China's fast-growing economy has been forecast to overtake the U.S. as the world's biggest economy as early as 2016, but economists say this is unlikely to happen as structural reforms slow the pace of growth and a stronger Chinese yuan dampens exporter competitiveness.
In March, a report by the Organization for Economic Cooperation and Development (OECD) said China was on track for a fourth straight decade of fast growth and will overtake the U.S. as the world's largest economy in 2016, after adjusting for price differences.
Yet, economists have started to question whether China can over take the U.S. as the world's No. 1 economy.
One of the main reasons they give is that China is trying to rebalance its economy from one that is driven by investment and exports to a more consumption driven one which could further slow growth.
Plus the appreciation of the Chinese yuan means China no longer enjoys the same competitive advantage overseas as it did a few years ago.

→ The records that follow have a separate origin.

Definition cluster_point {X} (tX : topology X) {D : directed} (s : D -> X) (z : X) :=
  forall U, open tX U -> U z -> forall i0, exists i, dle D i0 i /\ U (s i).

Definition cofinal {D D' : directed} (h : D' -> D) :=
  forall i0, exists j0, forall j, dle D' j0 j -> dle D i0 (h j).

Lemma upper_bound_list (D : directed) {A} (g : A -> D) (l : list A) :
  exists k, forall a, In a l -> dle D (g a) k.
Proof.
  induction l as [|a l [k Hk]].
  - exists (dinhab D). intros a [].
  - destruct (dle_upper D (g a) k) as [m [Ham Hkm]]. exists m.
    intros b [<- | Hb]; [exact Ham | exact (dle_trans D _ _ _ (Hk b Hb) Hkm)].
Qed.

Lemma compact_cluster_point {X} (tX : topology X) :
  compact tX -> forall (D : directed) (s : D -> X), exists z, cluster_point tX s z.
Proof.
  intros Hc D s. apply NNPP; intros Hnone.
  assert (Havoid : forall w, exists p : (X -> Prop) * D, open tX (fst p) /\
            fst p w /\ forall i, dle D (snd p) i -> ~ fst p (s i)).
  { intros w. apply NNPP; intros Hw. apply Hnone. exists w. intros U HU Uw i0.
    apply NNPP; intros Hi0. apply Hw. exists (U, i0). simpl.
    split; [exact HU | split; [exact Uw |]]. intros i Hi Ui. apply Hi0. exists i; auto. }
  destruct (choice _ Havoid) as [f Hf].
  destruct (Hc X (fun w => fst (f w))) as [l Hl].
  - intros w. apply Hf.
  - intros w. exists w. apply Hf.
  - destruct (upper_bound_list D (fun w => snd (f w)) l) as [k Hk].
    destruct (Hl (s k)) as [w [Hw Fw]].
    exact (proj2 (proj2 (Hf w)) k (Hk w Hw) Fw).
Qed.

(* Index set of a subnet: pairs (index, open neighbourhood of z), ordered by
   the index and by reverse inclusion of the neighbourhood. *)
Definition nbhd_index {X} (tX : topology X) (D : directed) (z : X) : Type :=
  {p : D * (X -> Prop) | open tX (snd p) /\ snd p z}.

Definition nbhd_le {X} (tX : topology X) (D : directed) (z : X)
  (a b : nbhd_index tX D z) : Prop :=
  dle D (fst (proj1_sig a)) (fst (proj1_sig b)) /\
  forall w, snd (proj1_sig b) w -> snd (proj1_sig a) w.

Lemma nbhd_le_refl {X} (tX : topology X) D z : forall a, nbhd_le tX D z a a.
Proof. intros a. split; [apply dle_refl | auto]. Qed.

Lemma nbhd_le_trans {X} (tX : topology X) D z : forall a b c,
  nbhd_le tX D z a b -> nbhd_le tX D z b c -> nbhd_le tX D z a c.
Proof. intros a b c [Hab Hab'] [Hbc Hbc']. split; [eapply dle_trans; eauto | auto]. Qed.

Lemma nbhd_le_upper {X} (tX : topology X) D z : forall a b,
  exists c, nbhd_le tX D z a c /\ nbhd_le tX D z b c.
Proof.
  intros [[i U] [HU Uz]] [[j V] [HV Vz]].
  destruct (dle_upper D i j) as [k [Hik Hjk]].
  exists (exist _ (k, fun w => U w /\ V w) (conj (open_inter X tX U V HU HV) (conj Uz Vz))).
  split; split; simpl; auto; intros w [? ?]; auto.
Qed.

Definition nbhd_directed {X} (tX : topology X) (D : directed) (z : X) : directed :=
  Directed (nbhd_index tX D z) (nbhd_le tX D z) (nbhd_le_refl tX D z)
    (nbhd_le_trans tX D z) (nbhd_le_upper tX D z)
    (exist _ (dinhab D, fun _ => True) (conj (open_full X tX) I)).

Lemma cluster_point_subnet {X} (tX : topology X) (D : directed) (s : D -> X) (z : X) :
  cluster_point tX s z ->
  exists (D' : directed) (h : D' -> D),
    net_converges tX (fun j => s (h j)) z /\ cofinal h.
Proof.
  intros Hcl.
  assert (Hpick : forall j : nbhd_index tX D z,
            exists i, dle D (fst (proj1_sig j)) i /\ snd (proj1_sig j) (s i)).
  { intros [[i U] [HU Uz]]. exact (Hcl U HU Uz i). }
  destruct (choice _ Hpick) as [h Hh].
  exists (nbhd_directed tX D z), h. split.
  - intros U HU Uz. exists (exist _ (dinhab D, U) (conj HU Uz) : nbhd_index tX D z).
    intros j [_ Hj]. apply Hj, Hh.
  - intros i0.
    exists (exist _ (i0, fun _ => True) (conj (open_full X tX) I) : nbhd_index tX D z).
    intros j [Hj _]. exact (dle_trans D _ _ _ Hj (proj1 (Hh j))).
Qed.

Lemma converges_cofinal {X} (tX : topology X) (D D' : directed) (s : D -> X)
  (h : D' -> D) z :
  net_converges tX s z -> cofinal h -> net_converges tX (fun j => s (h j)) z.
Proof.
  intros Hs Hh U HU Uz. destruct (Hs U HU Uz) as [i0 Hi0].
  destruct (Hh i0) as [j0 Hj0]. exists j0. intros j Hj. apply Hi0, Hj0, Hj.
Qed.

Definition nat_directed : directed :=
  Directed nat le (fun i => le_n i) (fun i j k => Nat.le_trans i j k)
    (fun i j => ex_intro _ (i + j)%nat (conj (Nat.le_add_r i j)
                  (Nat.le_add_l j i))) 0%nat.

Section ProximalVeech.

Variables (X G : Type) (tX : topology X).
Variables (mul : G -> G -> G) (inv : G -> G) (act : G -> X -> X).

Hypothesis X_compact : compact tX.
Hypothesis X_hausdorff : hausdorff tX.
Hypothesis act_continuous : forall s, continuous tX tX (act s).
Hypothesis act_mul : forall s t w, act (mul s t) w = act s (act t w).
Hypothesis act_inv : forall t w, act (inv t) (act t w) = w.
Hypothesis X_minimal : minimal tX act.

Definition nonempty_open := {Q : X -> Prop | open tX Q /\ exists a, Q a}.

(* A proximal pair enters every nonempty open set simultaneously: move the
   common limit z of (t_i x, t_i y) into Q using a dense orbit. *)
Lemma proximal_simultaneous_entry x y :
  proximal tX act x y ->
  forall Q, open tX Q -> (exists a, Q a) -> exists t, Q (act t x) /\ Q (act t y).
Proof.
  intros [D [t [z [Hx Hy]]]] Q HQ [a Qa].
  destruct (X_minimal z a Q HQ Qa) as [b [Qb [s ->]]].
  pose proof (act_continuous s Q HQ) as HsQ.
  destruct (Hx _ HsQ Qb) as [i1 Hi1]. destruct (Hy _ HsQ Qb) as [i2 Hi2].
  destruct (dle_upper D i1 i2) as [k [H1 H2]].
  exists (mul s (t k)). rewrite !act_mul. split; [apply Hi1 | apply Hi2]; auto.
Qed.

Lemma refinement_step x y :
  proximal tX act x y -> forall W, open tX W -> W y ->
  forall Q : nonempty_open, exists p : G * nonempty_open,
    proj1_sig Q (act (fst p) x) /\
    forall w, closure tX (proj1_sig (snd p)) w ->
      proj1_sig Q w /\ W (act (inv (fst p)) w).
Proof.
  intros Hp W HW Wy [Q [HQ HQne]]. simpl.
  destruct (proximal_simultaneous_entry x y Hp Q HQ HQne) as [t [Qtx Qty]].
  pose (A := fun w => Q w /\ W (act (inv t) w)).
  assert (HA : open tX A) by (apply open_inter; [exact HQ | exact (act_continuous _ W HW)]).
  destruct (compact_hausdorff_regular tX X_compact X_hausdorff A (act t y) HA)
    as [B [HB [Bty HBA]]].
  { split; [exact Qty | rewrite act_inv; exact Wy]. }
  exists (t, exist _ B (conj HB (ex_intro _ _ Bty))). split; [exact Qtx | exact HBA].
Qed.

Lemma nested_sequence x y (Wn : nat -> X -> Prop) :
  proximal tX act x y -> (forall n, open tX (Wn n)) -> (forall n, Wn n y) ->
  exists (t : nat -> G) (O : nat -> X -> Prop),
    (forall n, O n (act (t n) x)) /\
    (forall n w, closure tX (O (S n)) w -> O n w /\ Wn n (act (inv (t n)) w)).
Proof.
  intros Hp HWn Wny.
  destruct (choice _ (fun n => choice _
              (refinement_step x y Hp (Wn n) (HWn n) (Wny n)))) as [step Hstep].
  pose (whole := exist _ (fun _ => True) (conj (open_full X tX) (ex_intro _ x I))
                   : nonempty_open).
  pose (O := fix O n := match n with 0%nat => whole | S m => snd (step m (O m)) end).
  exists (fun n => fst (step n (O n))), (fun n => proj1_sig (O n)). split.
  - intros n. exact (proj1 (Hstep n (O n))).
  - intros n. exact (proj2 (Hstep n (O n))).
Qed.

Lemma approximate_veech x y (Wn : nat -> X -> Prop) :
  proximal tX act x y -> (forall n, open tX (Wn n)) -> (forall n, Wn n y) ->
  exists (D : directed) (h : D -> nat) (t : D -> G) (z : X),
    net_converges tX (fun j => act (t j) x) z /\
    (forall j, Wn (h j) (act (inv (t j)) z)) /\
    (forall N, exists j0, forall j, dle D j0 j -> (N <= h j)%nat).
Proof.
  intros Hp HWn Wny.
  destruct (nested_sequence x y Wn Hp HWn Wny) as [t [O [HtO HO]]].
  assert (O_decreasing : forall n m, (n <= m)%nat -> forall w, O m w -> O n w).
  { intros n m Hnm. induction Hnm as [|m _ IH]; auto.
    intros w Hw. apply IH, (HO m w), closure_incl, Hw. }
  destruct (compact_cluster_point tX X_compact nat_directed (fun n => act (t n) x))
    as [z Hz].
  assert (Hz_closure : forall n, closure tX (O n) z).
  { intros n U HU Uz. destruct (Hz U HU Uz n) as [m [Hnm Um]].
    exists (act (t m) x). split; [exact Um | exact (O_decreasing n m Hnm _ (HtO m))]. }
  destruct (cluster_point_subnet tX nat_directed _ z Hz) as [D [h [Hconv Hcof]]].
  exists D, h, (fun j => t (h j)), z. split; [exact Hconv | split; [| exact Hcof]].
  intros j. exact (proj2 (HO (h j) z (Hz_closure (S (h j))))).
Qed.

Theorem proximal_in_closure_veech x y :
  proximal tX act x y -> closure tX (veech tX inv act x) y.
Proof.
  intros Hp W HW Wy.
  destruct (compact_hausdorff_regular tX X_compact X_hausdorff W y HW Wy)
    as [W1 [HW1 [W1y HW1W]]].
  destruct (approximate_veech x y (fun _ => W1) Hp (fun _ => HW1) (fun _ => W1y))
    as [D [_ [t [z [Hconv [HW1t _]]]]]].
  destruct (compact_cluster_point tX X_compact D (fun j => act (inv (t j)) z)) as [y' Hy'].
  exists y'. split.
  - apply HW1W. intros U HU Uy'. destruct (Hy' U HU Uy' (dinhab D)) as [j [_ Uj]].
    exists (act (inv (t j)) z). split; [exact Uj | apply HW1t].
  - destruct (cluster_point_subnet tX D _ y' Hy') as [D2 [h2 [Hconv2 Hcof2]]].
    exists D2, (fun k => t (h2 k)), z.
    split; [exact (converges_cofinal tX D D2 _ h2 z Hconv Hcof2) | exact Hconv2].
Qed.

(* Second statement: for a metrizable space every proximal pair is a Veech
   pair; take W_n to be the ball of radius 1/(n+1) around y. *)
Theorem proximal_veech_metrizable :
  metrizable tX -> forall x y, proximal tX act x y -> veech tX inv act x y.
Proof.
  intros [d [_ [Hdeq [_ [Htri Hopen]]]]] x y Hp.
  pose (ball := fun (n : nat) w => d y w < / INR (S n)).
  assert (ball_open : forall n, open tX (ball n)).
  { intros n. apply Hopen. intros w Hw. exists (/ INR (S n) - d y w).
    split; [unfold ball in Hw; lra |].
    intros v Hv. unfold ball. specialize (Htri y w v). lra. }
  assert (ball_center : forall n, ball n y).
  { intros n. unfold ball. rewrite (proj2 (Hdeq y y) eq_refl).
    apply Rinv_0_lt_compat, lt_0_INR, Nat.lt_0_succ. }
  destruct (approximate_veech x y ball Hp ball_open ball_center)
    as [D [h [t [z [Hconv [Hball Hcof]]]]]].
  exists D, t, z. split; [exact Hconv |].
  intros U HU Uy. destruct (proj1 (Hopen U) HU y Uy) as [eps [Heps HUeps]].
  destruct (archimed_cor1 eps Heps) as [N [HN HN0]].
  destruct (Hcof N) as [j0 Hj0]. exists j0. intros j Hj.
  apply HUeps. specialize (Hball j). unfold ball in Hball.
  assert (/ INR (S (h j)) <= / INR N).
  { apply Rinv_le_contravar; [apply lt_0_INR; lia | apply le_INR; specialize (Hj0 j Hj); lia]. }
  lra.
Qed.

The yuan has strengthened roughly 10 percent over the past three years.
And finally, the U.S. economy is likely to gain momentum of its own in the years ahead thanks to developments such as a boom in U.S. natural gas production.
"In 2014 or even by the end of this year, we're expecting a pretty strong rebound in the U.S. with annual growth of 3-4 percent, while China is on a structural slowdown," said Lombard Street Research Economist Freya Beamish. "If China makes the right reforms, to rebalance its economy, which is the good scenario, then China would only be growing by an annual rate of up to 5 percent."
"If you look at the decade as whole 2010-2020, then that's not a particularly fast rate of catch-up," she added.
(Read More: China, India PMIs Show Factory-Sector Growth Stumbling )
China, which has grown at an average rate of 10 percent annually over the past three decades, overtook Japan as the world's Number 2 economy in 2010 and its rapid economic development has stunned the world.
Still, in a bid to move to a more sustainable long-term growth path, Beijing is encouraging domestic consumption to play a greater role in driving growth.
China's economy unexpectedly slowed in the first three months of this year, growing 7.7 percent from a year earlier compared with a 7.9 percent rise in the previous three months on slower industrial output and investment.
(Read More: Has China's Economy Hit a 'Dead End?' )
Analysts said that just because China's economy had grown rapidly in the past, that did not mean it would continue to do the same in the future.
"China is at a major economic crossroads, and faces a very challenging adjustment in its economic growth model," said Patrick Chovanec, chief strategist at Silvercrest Asset Management in New York.
"The worst mistake you could make for any economy -- not just China -- is to simply extrapolate past trends into the future. History rarely follows straight lines," he said.
(Read More: Less Is More: The Message China Must Heed )
Vishnu Varathan, a market economist at Mizuho Corporate Bank in Singapore added: "I'm also wary of straight-line projections for economies. One reason, with regards to China, is that the economy is slowing down to a new normal, while the U.S. is getting a boost from an energy revival."
"The U.S. also has dynamic demographics because of immigration, while China has an aging population," he added.
(Read More: How the US Share Gas Boom Could Derail China )
Playing economic catch-up also takes a long time, even for China which has come a long way quickly, analysts said.
"China has come quite some way, but is still miles away from where it would like to be and where it could be in terms of productivity and levels of GDP per capita, which is about 13-14 percent of what it is in the U.S. -so it still has a massive amount of catching up to do," said Louis Kuijis, chief China economist at Royal Bank of Scotland.